-- Work item --
Return the lines of the data below exactly. Start at the first and end with the line containing "move=> Qs_le Rs_le th_le.".

####################

(* Window cost of the bridge: each half is active during at most n steps. *)
Lemma bridge_cost_le L z0 z1 (Qs : nat -> 'M[R]_n) (Rs : nat -> 'M[R]_m)
    (th : nat -> 'cV[R]_n) :
  (forall j, (j < L)%N -> forall v, qform (Qs j) v <= lf * sqnorm v) ->
  (forall j, (j < L)%N -> forall v, qform (Rs j) v <= lg * sqnorm v) ->
  (forall j, (j < L)%N -> sqnorm (th j) <= T) ->
  \sum_(j < L) (qform (Qs j) (evolve A B z0 (bridge A B L z0 z1) j - th j)
                + qform (Rs j) (bridge A B L z0 z1 j))
  <= n%:R * kill_cost * sqnorm z0 + n%:R * arrive_cost * sqnorm z1 + L%:R * (2 * lf * T).
Proof.
move=> Qs_le Rs_le th_le.
have stage_le (j : 'I_L) := bridge_stage_le z0 z1 j (Qs_le j (ltn_ord j))
  (Rs_le j (ltn_ord j)) (th_le j (ltn_ord j)).
apply: le_trans (ler_sum _ (fun j _ => stage_le j)) _.
rewrite !big_split /= -!mulr_suml sumr_const card_ord -!mulrA.
have c0 := mulr_ge0 kill_cost_ge0 (sqnorm_ge0 z0).
have c1 := mulr_ge0 arrive_cost_ge0 (sqnorm_ge0 z1).
apply: lerD; last by rewrite -mulr_natr mulrC le_eqVlt; apply/orP; left; apply/eqP; ring.
by apply: lerD; apply: ler_wpM2r => //; [exact: count_early | exact: count_late].
Qed.

End BridgeCost.

Section Splice.
Variable R : rcfType.
Variables n m : nat.
Variable A : 'M[R]_n.
Variable B : 'M[R]_(n, m).
Variables (N : nat) (Q : nat -> 'M[R]_n) (Rw : nat -> 'M[R]_m) (QN : 'M[R]_n)
  (theta : nat -> 'cV[R]_n) (u : nat -> 'cV[R]_m).
Variables (a b : nat).
Hypothesis window : (a <= b <= N)%N.

Let x := traj A B u.

Definition wend := if (b < N)%N then x b else 0.

(* The competitor: u outside [a, b), the bridge from x_a to wend inside. *)
Definition splice k := if (a <= k < b)%N then bridge A B (b - a) (x a) wend (k - a) else u k.

Lemma splice_before k : (k <= a)%N -> traj A B splice k = x k.
Proof.
elim: k => [|k IH] le_ka //=.
have outside : (a <= k < b)%N = false by lia.
by rewrite IH ?(ltnW le_ka) // /splice outside.
Qed.

Lemma splice_window j : (j <= b - a)%N ->
  traj A B splice (j + a) = evolve A B (x a) (bridge A B (b - a) (x a) wend) j.
Proof.
elim: j => [|j IH] le_j; first by rewrite add0n splice_before.
have inside : (a <= j + a < b)%N by lia.
by rewrite addSn /= IH ?(ltnW le_j) // /splice inside addnK.
Qed.

Definition stage (v : nat -> 'cV[R]_m) k :=
  qform (Q k) (traj A B v k - theta k) + qform (Rw k) (v k).

Lemma stage_sum_split (v : nat -> 'cV[R]_m) :
  \sum_(k < N) stage v k = \sum_(0 <= k < a) stage v k + \sum_(a <= k < b) stage v k
    + \sum_(b <= k < N) stage v k.
Proof.
rewrite -(big_mkord xpredT) (big_cat_nat (n := a)) //=; last by lia.
by rewrite (big_cat_nat (n := b) (m := a)) /= ?addrA //; lia.
Qed.

Lemma splice_window_cost :
  \sum_(a <= k < b) stage splice k =
  \sum_(j < b - a) (qform (Q (j + a)) (evolve A B (x a) (bridge A B (b - a) (x a) wend) j
                                       - theta (j + a))
                    + qform (Rw (j + a)) (bridge A B (b - a) (x a) wend j)).
Proof.
rewrite -{1}[a]add0n big_addn big_mkord; apply: eq_bigr => j _.
have lt_j := ltn_ord j; have inside : (a <= j + a < b)%N by lia.
by rewrite /stage (splice_window (ltnW lt_j)) /splice inside addnK.
Qed.

Hypothesis long_window : (n <= b - a)%N \/ (a = 0%N /\ b = N).
Hypothesis ctrl : controllable A B.

Lemma splice_at_end k : k = b -> traj A B splice k = wend.
Proof.
move=> ->; rewrite -(subnK (_ : a <= b)%N); last by lia.
rewrite splice_window // evolve_bridge_end //.
case: long_window => [? | [ea eb]]; [by left | right].
by rewrite /wend /x ea eb ltnn.
Qed.

Lemma splice_after k : (b < N)%N -> (b <= k)%N -> traj A B splice k = x k.
Proof.
move=> lt_bN; elim: k => [|k IH] le_bk //.
case: (ltnP b k.+1) => [lt_bk | le_kb].
  have outside : (a <= k < b)%N = false by lia.
  by rewrite /= IH // /splice outside.
have eb : k.+1 = b by lia.
by rewrite (splice_at_end eb) /wend lt_bN eb.
Qed.

Lemma splice_final : traj A B splice N = if (b < N)%N then x N else 0.
Proof.
case: (ltnP b N) => [lt_bN | le_Nb]; first by apply: splice_after => //; apply: ltnW.
have eN : N = b by lia.
by rewrite (splice_at_end eN) /wend ltnNge le_Nb.
Qed.

Lemma splice_cost_diff :
  track_cost A B N Q Rw QN theta splice - track_cost A B N Q Rw QN theta u
  = 2^-1 * (\sum_(a <= k < b) stage splice k - \sum_(a <= k < b) stage u k)
    + 2^-1 * (qform QN (traj A B splice N - theta N) - qform QN (x N - theta N)).
Proof.
rewrite /track_cost -/x.
rewrite -[\sum_(t < N) _]/(\sum_(k < N) stage splice k).
rewrite -[\sum_(t < N) (qform (Q t) _ + _)]/(\sum_(k < N) stage u k) !stage_sum_split.
have same_before : \sum_(0 <= k < a) stage splice k = \sum_(0 <= k < a) stage u k.
  rewrite !big_nat; apply: eq_bigr => k /andP [_ lt_ka].
  have outside : (a <= k < b)%N = false by lia.
  by rewrite /stage (splice_before (ltnW lt_ka)) /splice outside.
have same_after : \sum_(b <= k < N) stage splice k = \sum_(b <= k < N) stage u k.
  rewrite !big_nat; apply: eq_bigr => k /andP [le_bk lt_kN].
  have outside : (a <= k < b)%N = false by lia.
  by rewrite /stage (splice_after (leq_ltn_trans le_bk lt_kN) le_bk) /splice outside.
by rewrite same_before same_after; ring.
Qed.

End Splice.

Section WindowInequality.
Variable R : rcfType.
Variables n m : nat.
Variable A : 'M[R]_n.
Variable B : 'M[R]_(n, m).
Variables (mu_f mu_g l_f l_g thetabar : R) (Pbar Punder : 'M[R]_n).
Hypotheses (ctrl : controllable A B) (mu_f_gt0 : 0 < mu_f) (mu_g_gt0 : 0 < mu_g)
  (l_f_gt0 : 0 < l_f) (l_g_gt0 : 0 < l_g) (Punder_pd : posdef Punder).

Definition th2 := thetabar ^+ 2.
Definition c_term := 2^-1 * (1 + gain Pbar).
Definition c_start := n%:R * kill_cost A B l_f l_g.
Definition c_end := n%:R * arrive_cost A B l_f l_g.
(* Uniform lower bound of the stage cost in terms of |x|^2 + |u|^2. *)
Definition mu := Num.min (2^-1 * mu_f) mu_g.
(* |A x + B u|^2 <= kappa (|x|^2 + |u|^2). *)
Definition kappa := 2 * (gain A + gain B).
(* Cost per step that does not depend on the states. *)
Definition c_step := 2 * l_f * th2 + c_term * th2 + mu_f * th2.
Definition Cwin := (1 + kappa) * mu^-1 * (c_start + c_end) + 1.
Definition Dwin := (1 + kappa) * mu^-1 * c_step.

Lemma th2_ge0 : 0 <= th2. Proof. exact: sqr_ge0. Qed.
Lemma c_term_ge0 : 0 <= c_term.
Proof. by rewrite mulr_ge0 ?invr_ge0 ?ler0n // addr_ge0 ?gain_ge0. Qed.
Lemma c_start_ge0 : 0 <= c_start.
Proof. by rewrite mulr_ge0 ?ler0n ?kill_cost_ge0 ?ltW. Qed.
Lemma c_end_ge0 : 0 <= c_end.
Proof. by rewrite mulr_ge0 ?ler0n ?arrive_cost_ge0 ?ltW. Qed.
Lemma kappa_ge0 : 0 <= kappa.
Proof. by rewrite mulr_ge0 // addr_ge0 ?gain_ge0. Qed.
Lemma mu_gt0 : 0 < mu.
Proof. by rewrite lt_min mu_g_gt0 andbT mulr_gt0 // invr_gt0 ltr0n. Qed.
Lemma c_step_ge0 : 0 <= c_step.
Proof.
have := mulr_ge0 (mulr_ge0 (ler0n R 2) (ltW l_f_gt0)) th2_ge0.
have := mulr_ge0 c_term_ge0 th2_ge0; have := mulr_ge0 (ltW mu_f_gt0) th2_ge0.
rewrite /c_step; lra.
Qed.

####################

-- Result of this task --
(* Window cost of the bridge: each half is active during at most n steps. *)
Lemma bridge_cost_le L z0 z1 (Qs : nat -> 'M[R]_n) (Rs : nat -> 'M[R]_m)
    (th : nat -> 'cV[R]_n) :
  (forall j, (j < L)%N -> forall v, qform (Qs j) v <= lf * sqnorm v) ->
  (forall j, (j < L)%N -> forall v, qform (Rs j) v <= lg * sqnorm v) ->
  (forall j, (j < L)%N -> sqnorm (th j) <= T) ->
  \sum_(j < L) (qform (Qs j) (evolve A B z0 (bridge A B L z0 z1) j - th j)
                + qform (Rs j) (bridge A B L z0 z1 j))
  <= n%:R * kill_cost * sqnorm z0 + n%:R * arrive_cost * sqnorm z1 + L%:R * (2 * lf * T).
Proof.
move=> Qs_le Rs_le th_le.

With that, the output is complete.